Hi all,
We are trying to emulate in Solr 8.0 the behaviour of Solr 3.6 and we are
facing a problem that we cannot solve
When we have duplicated tokens:
- Solr 8.0 scores only once the token but it applies a huge boost
- Solr 3.6 scores individually each token and the final score is lower
We are using ClassicSimilarity algorythm but we cannot prevent that boosting
Example: table 60 cm 50 cm
Solr 8.0
/11.096966 = sum of:
4.3195267 = sum of:
4.3195267 = weight(name:table in 138556) [ClassicSimilarity], result of:
4.3195267 = score(freq=1.0), product of:
8.639053 = idf, computed as log((docCount+1)/(docFreq+1)) + 1 from:
62381 = docFreq, number of documents containing term
129615816 = docCount, total number of documents with field
1.0 = tf(freq=1.0), with freq of:
1.0 = freq, occurrences of term within document
0.5 = fieldNorm
2.7624812 = weight(name:60 in 138556) [ClassicSimilarity], result of:
2.7624812 = score(freq=1.0), product of:
5.5249624 = idf, computed as log((docCount+1)/(docFreq+1)) + 1 from:
1404402 = docFreq, number of documents containing term
129615816 = docCount, total number of documents with field
1.0 = tf(freq=1.0), with freq of:
1.0 = freq, occurrences of term within document
0.5 = fieldNorm
4.0149584 = weight(name:cm in 138556) [ClassicSimilarity], result of:
4.0149584 = score(freq=1.0), product of:
* 2.0 = boost*
4.0149584 = idf, computed as log((docCount+1)/(docFreq+1)) + 1 from:
6357381 = docFreq, number of documents containing term
129615816 = docCount, total number of documents with field
1.0 = tf(freq=1.0), with freq of:
1.0 = freq, occurrences of term within document
0.5 = fieldNorm
/
Solr 3.6
/3.098446 = (MATCH) product of:
3.8730574 = (MATCH) sum of:
2.120801 = (MATCH) sum of:
2.120801 = (MATCH) weight(name:table in 101441), product of:
0.4913325 = queryWeight(name:table), product of:
8.632854 = idf(docFreq=135231, maxDocs=279245306)
0.05691426 = queryNorm
4.316427 = (MATCH) fieldWeight(name:table in 101441), product of:
1.0 = tf(termFreq(name:table)=1)
8.632854 = idf(docFreq=135231, maxDocs=279245306)
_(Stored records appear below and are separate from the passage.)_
Lemma atom_ae_eq_simple_fun (g : S -> X) :
  simple_fun g -> exists c, {ae mu, forall s, A s -> g s = c}.
Proof.
have [mA [A_gt0 A_dichotomy]] := A_atom; move=> [g_fin mg].
have mAg c : measurable (A `&` g @^-1` [set c]) by exact: measurableI.
have [c Ac] : exists c, mu (A `&` g @^-1` [set c]) != 0.
  apply: contrapT => /forallNP Ag0.
  have : mu A <= mu (\bigcup_(c in range g) (A `&` g @^-1` [set c])).
    apply: le_measure; rewrite ?inE //; first exact: fin_bigcup_measurable.
    by move=> s As; exists (g s); [exists s|split].
  rewrite measure_fin_bigcup //; last by move=> i j _ _ [s [[_ <-] [_ <-]]].
  rewrite fsbig1 => [|c _]; first by rewrite leNgt A_gt0.
  by apply/eqP/negbNE/negP; exact: Ag0.
exists c, (A `\` g @^-1` [set c]); split; first exact: measurableD.
  have [/eqP|Ag] := A_dichotomy _ (mAg c) (@subIsetl _ _ _); first by rewrite (negbTE Ac).
  rewrite measureD //; transitivity (mu A - mu A); first by congr (_ - _).
  by rewrite subee // ge0_fin_numE.
by move=> s /= /not_implyP.
Qed.

Lemma atom_ae_eq_strongly_measurable (h : S -> X) : strongly_measurable mu h ->
  exists2 s0, A s0 & {ae mu, forall s, A s -> h s = h s0}.
Proof.
have [mA [A_gt0 _]] := A_atom; move=> [g [sg cg]].
have [c gc] := choice (fun n => atom_ae_eq_simple_fun (sg n)).
have G : {ae mu, forall s, (forall n, A s -> g n s = c n) /\
                           (fun n => g n s) @ \oo --> h s}.
  by apply: filterS2 (ae_foralln gc) cg => s.
have [s0 As0 [gs0 cs0]] : exists2 s0, A s0 & (forall n, A s0 -> g n s0 = c n) /\
                           (fun n => g n s0) @ \oo --> h s0.
  apply: contrapT => nG; move: A_gt0; rewrite (measure_negligible mA) ?ltxx //.
  by apply: negligibleS G => s As Gs; apply: nG; exists s.
exists s0 => //; apply: filterS G => s [gs cs] As.
have gss0 : (fun n => g n s) = (fun n => g n s0).
  by apply/funext => n; rewrite gs // gs0.
by rewrite -(norm_cvg_lim cs) -(norm_cvg_lim cs0) gss0.
Qed.

End Atom.

Section L1norm.
Context d (S : measurableType d) (R : realType) (X : normedModType R)
  (mu : {measure set S -> \bar R}).

Lemma L1norm_setC_scale (h f : S -> X) (D : set S) (a b : R) : measurable D ->
  measurable_fun setT (fun s => `|h s|) -> measurable_fun setT (fun s => `|f s|) ->
  (forall s, D s -> h s = a *: f s) -> (forall s, ~ D s -> h s = b *: f s) ->
  L1norm mu h = (`|a|%:E * \int[mu]_(s in D) `|f s|%:E +
                 `|b|%:E * \int[mu]_(s in ~` D) `|f s|%:E)%E.
Proof.
move=> mD mh mf hD hC; rewrite /L1norm (ge0_integral_setC mu mh (fun s => normr_ge0 _) mD).
have scale (E : set S) c : measurable E -> (forall s, E s -> h s = c *: f s) ->
    (\int[mu]_(s in E) `|h s|%:E = `|c|%:E * \int[mu]_(s in E) `|f s|%:E)%E.
  move=> mE hE; rewrite -ge0_integralZl_EFin //.
  - by apply: eq_integral => s /set_mem Es; rewrite hE // normrZ EFinM.
  - exact: measurable_funT_EFin.
by rewrite (scale D a) // (scale (~` D) b) //; exact: measurableC.
Qed.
0.5 = fieldNorm(field=name, doc=101441)
0.8427305 = (MATCH) weight(name:60 in 101441), product of:
0.30972046 = queryWeight(name:60), product of:
5.4418783 = idf(docFreq=3287778, maxDocs=279245306)
0.05691426 = queryNorm
2.7209392 = (MATCH) fieldWeight(name:60 in 101441), product of:
1.0 = tf(termFreq(name:60)=1)
5.4418783 = idf(docFreq=3287778, maxDocs=279245306)
0.5 = fieldNorm(field=name, doc=101441)
0.45476305 = (MATCH) weight(name:cm in 101441), product of:
0.22751924 = queryWeight(name:cm), product of:
3.9975789 = idf(docFreq=13936507, maxDocs=279245306)
0.05691426 = queryNorm
1.9987894 = (MATCH) fieldWeight(name:cm in 101441), product of:
1.0 = tf(termFreq(name:cm)=1)
3.9975789 = idf(docFreq=13936507, maxDocs=279245306)
0.5 = fieldNorm(field=name, doc=101441)
0.45476305 = (MATCH) weight(name:cm in 101441), product of:
0.22751924 = queryWeight(name:cm), product of:
3.9975789 = idf(docFreq=13936507, maxDocs=279245306)
0.05691426 = queryNorm
1.9987894 = (MATCH) fieldWeight(name:cm in 101441), product of:
1.0 = tf(termFreq(name:cm)=1)
3.9975789 = idf(docFreq=13936507, maxDocs=279245306)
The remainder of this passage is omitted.